*** Opening DATA EXTRACTS ***
Lemma sum_Hmat (mu : L) : \sum_(nu : L) Hmat R mu nu = (mu == (0, 0))%:R * (N * N)%:R.
Proof. by rewrite -Hmat_orthogonal; apply: eq_bigr => nu _; rewrite Hmat0r mulr1. Qed.

Definition gen_eigenvalue (t : L -> C) (c : L) : C :=
  \sum_(mu | ~~ is_zero_idx mu) t mu * (Hmat R c mu - 1).

Lemma sum_Lgen (t : L -> C) :
  \sum_(mu | ~~ is_zero_idx mu) t mu *: Lgen R mu = weyl_diag (gen_eigenvalue t).
Proof.
rewrite weyl_diag_sum; apply: eq_bigr => mu _.
by rewrite /Lgen superop_weylU -weyl_diag1 -weyl_diagB -weyl_diagZ.
Qed.

Lemma gen_eigenvalue0 t : gen_eigenvalue t (0, 0) = 0.
Proof. by rewrite /gen_eigenvalue big1 // => mu _; rewrite Hmat0l subrr mulr0. Qed.

(* [tcoef l] never reads [l (0, 0)], whereas [gen_eigenvalue t] always vanishes there. *)
Definition extend_by0 (l : L -> C) (c : L) : C := if is_zero_idx c then 0 else l c.

Lemma NN_neq0 : (N * N)%:R != 0 :> C.
Proof. by rewrite pnatr_eq0 muln_eq0. Qed.

Lemma tcoefE l mu :
  tcoef l mu = (N * N)%:R^-1 * \sum_(nu : L) Hmat R mu nu * extend_by0 l nu.
Proof.
rewrite /tcoef mulnn; congr (_ * _); rewrite big_mkcond; apply: eq_bigr => nu _.
by rewrite /extend_by0; case: is_zero_idx; rewrite ?mulr0.
Qed.

Lemma sum_tcoef_Hmat l c : \sum_(mu : L) tcoef l mu * Hmat R c mu = extend_by0 l c.
Proof.
under eq_bigr do rewrite tcoefE -mulrA big_distrl /=.
rewrite -big_distrr /= exchange_big /=.
under eq_bigr => nu _ do under eq_bigr => mu _ do
  rewrite mulrAC mulrC (mulrC (Hmat R mu nu)).
under eq_bigr do rewrite -big_distrr /= Hmat_orthogonal.
rewrite (bigD1 c) //= eqxx big1 ?addr0 => [|nu]; last first.
  by rewrite eq_sym => /negPf ->; rewrite mul0r mulr0.
by rewrite mul1r mulrCA mulVf ?NN_neq0 ?mulr1.
Qed.

Lemma gen_eigenvalue_tcoef l : gen_eigenvalue (tcoef l) =1 extend_by0 l.
Proof.
move=> c; rewrite /gen_eigenvalue big_rmcond /=; last first.
  by move=> mu; rewrite negbK is_zero_idxE => /eqP ->; rewrite Hmat0r subrr mulr0.
under eq_bigr do rewrite mulrBr mulr1.
rewrite sumrB sum_tcoef_Hmat.
have -> : \sum_(mu : L) tcoef l mu = extend_by0 l (0, 0).
  by rewrite -sum_tcoef_Hmat; apply: eq_bigr => mu _; rewrite Hmat0l mulr1.
by rewrite /extend_by0 /= subr0.
Qed.

Lemma tcoef_gen_eigenvalue t mu : ~~ is_zero_idx mu -> tcoef (gen_eigenvalue t) mu = t mu.
Proof.
move=> mu_neq0; rewrite tcoefE.
have extE nu : extend_by0 (gen_eigenvalue t) nu = gen_eigenvalue t nu.
  by rewrite /extend_by0 is_zero_idxE; case: eqP => // ->; rewrite gen_eigenvalue0.
under eq_bigr do rewrite extE /gen_eigenvalue big_distrr /=.
rewrite exchange_big /=.
have innerE ka : \sum_nu Hmat R mu nu * (t ka * (Hmat R nu ka - 1)) =
    t ka * ((mu == ka)%:R * (N * N)%:R).
  rewrite is_zero_idxE in mu_neq0.
  transitivity (t ka * ((mu == ka)%:R * (N * N)%:R - (mu == (0, 0))%:R * (N * N)%:R)).
    rewrite -Hmat_orthogonal -sum_Hmat -sumrB big_distrr.
    by apply: eq_bigr => nu _ /=; ring.
  by rewrite (negPf mu_neq0) mul0r subr0.
under eq_bigr do rewrite innerE.
rewrite (bigD1 mu) //= eqxx big1 ?addr0 => [|ka /andP[_ ka_neq_mu]]; last first.
  by rewrite eq_sym (negPf ka_neq_mu) mul0r mulr0.
by rewrite mul1r mulrCA mulVf ?NN_neq0 ?mulr1.
Qed.

Lemma weyl_channelE (p : L -> R) : weyl_channel p = weyl_diag (lambda p).
Proof.
rewrite /weyl_channel /lambda weyl_diag_sum; apply: eq_bigr => mu _.
by rewrite superop_weylU -weyl_diagZ; congr (weyl_diag _); apply/funext => c; rewrite mulrC.
Qed.

Lemma lambda0 (p : L -> R) : is_prob_vector p -> lambda p (0, 0) = 1.
Proof.
case=> _ p_sum1; rewrite /lambda.
under eq_bigr do rewrite Hmat0l mul1r.
by rewrite -cR_sum p_sum1.
Qed.

Lemma good_logs_mexp (p : L -> R) (l : L -> C) : is_prob_vector p -> good_logs p l ->
  is_mexp (\sum_(mu | ~~ is_zero_idx mu) cR (cRe (tcoef l mu)) *: Lgen R mu)
          (weyl_channel p).
Proof.
move=> p_prob [expl t_real].
have -> : \sum_(mu | ~~ is_zero_idx mu) cR (cRe (tcoef l mu)) *: Lgen R mu =
    weyl_diag (extend_by0 l).
  rewrite (_ : extend_by0 l = gen_eigenvalue (tcoef l)); last first.
    by apply/funext => c; rewrite gen_eigenvalue_tcoef.
  rewrite -sum_Lgen; apply: eq_bigr => mu mu_neq0.
  by rewrite cR_Re //; case: (t_real mu mu_neq0).
rewrite weyl_channelE (_ : lambda p = fun c => cexp (extend_by0 l c)).
  exact: mexp_weyl_diag.
apply/funext => c; rewrite /extend_by0; case: ifP => [|c_neq0]; last by rewrite expl ?c_neq0.
by rewrite is_zero_idxE => /eqP ->; rewrite lambda0 // cexp0.
Qed.

Lemma in_AQ_good_logs (p : L -> R) : in_AQ (weyl_channel p) -> exists l, good_logs p l.
Proof.
case=> t [t_ge0 texp]; rewrite (sum_Lgen (fun mu => cR (t mu))) in texp.
have := mexp_unique texp (mexp_weyl_diag _).
rewrite weyl_channelE => /weyl_diag_inj lambdaE.
exists (gen_eigenvalue (fun mu => cR (t mu))); split => [nu _|mu mu_neq0].
  by rewrite lambdaE.
by rewrite tcoef_gen_eigenvalue //; split => //; apply: t_ge0.
Qed.

End WeylSemigroup.

Theorem theorem1 (R : realType) (N : nat) (hN : (2 <= N)%N)
  (p : 'I_N * 'I_N -> R) (hp : is_prob_vector p) :
  (in_AQ (weyl_channel p) <-> exists l : 'I_N * 'I_N -> Cx R, good_logs p l) /\
  (forall l : 'I_N * 'I_N -> Cx R, good_logs p l ->
     is_mexp (\sum_(mu | ~~ is_zero_idx mu)
                cR (cRe (tcoef l mu)) *: Lgen R mu) (weyl_channel p)).
Proof.
case: N hN p hp => [|[|n]] // _ p hp.
split; last by move=> l; apply: good_logs_mexp.
split; first exact: in_AQ_good_logs.
case=> l logs; exists (fun mu => cRe (tcoef l mu)); split; last exact: good_logs_mexp.
by move=> mu /logs.2 [].
Qed.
*** Closing DATA EXTRACTS ***
Keeping every character as it is, restate the lines above that run from the line with "exact: mexp_weyl_diag." through the line with "End WeylSemigroup.", both included, and nothing else.

## FINISHED TASK
  exact: mexp_weyl_diag.
apply/funext => c; rewrite /extend_by0; case: ifP => [|c_neq0]; last by rewrite expl ?c_neq0.
by rewrite is_zero_idxE => /eqP ->; rewrite lambda0 // cexp0.
Qed.

Lemma in_AQ_good_logs (p : L -> R) : in_AQ (weyl_channel p) -> exists l, good_logs p l.
Proof.
case=> t [t_ge0 texp]; rewrite (sum_Lgen (fun mu => cR (t mu))) in texp.
have := mexp_unique texp (mexp_weyl_diag _).
rewrite weyl_channelE => /weyl_diag_inj lambdaE.
exists (gen_eigenvalue (fun mu => cR (t mu))); split => [nu _|mu mu_neq0].
  by rewrite lambdaE.
by rewrite tcoef_gen_eigenvalue //; split => //; apply: t_ge0.
Qed.

End WeylSemigroup.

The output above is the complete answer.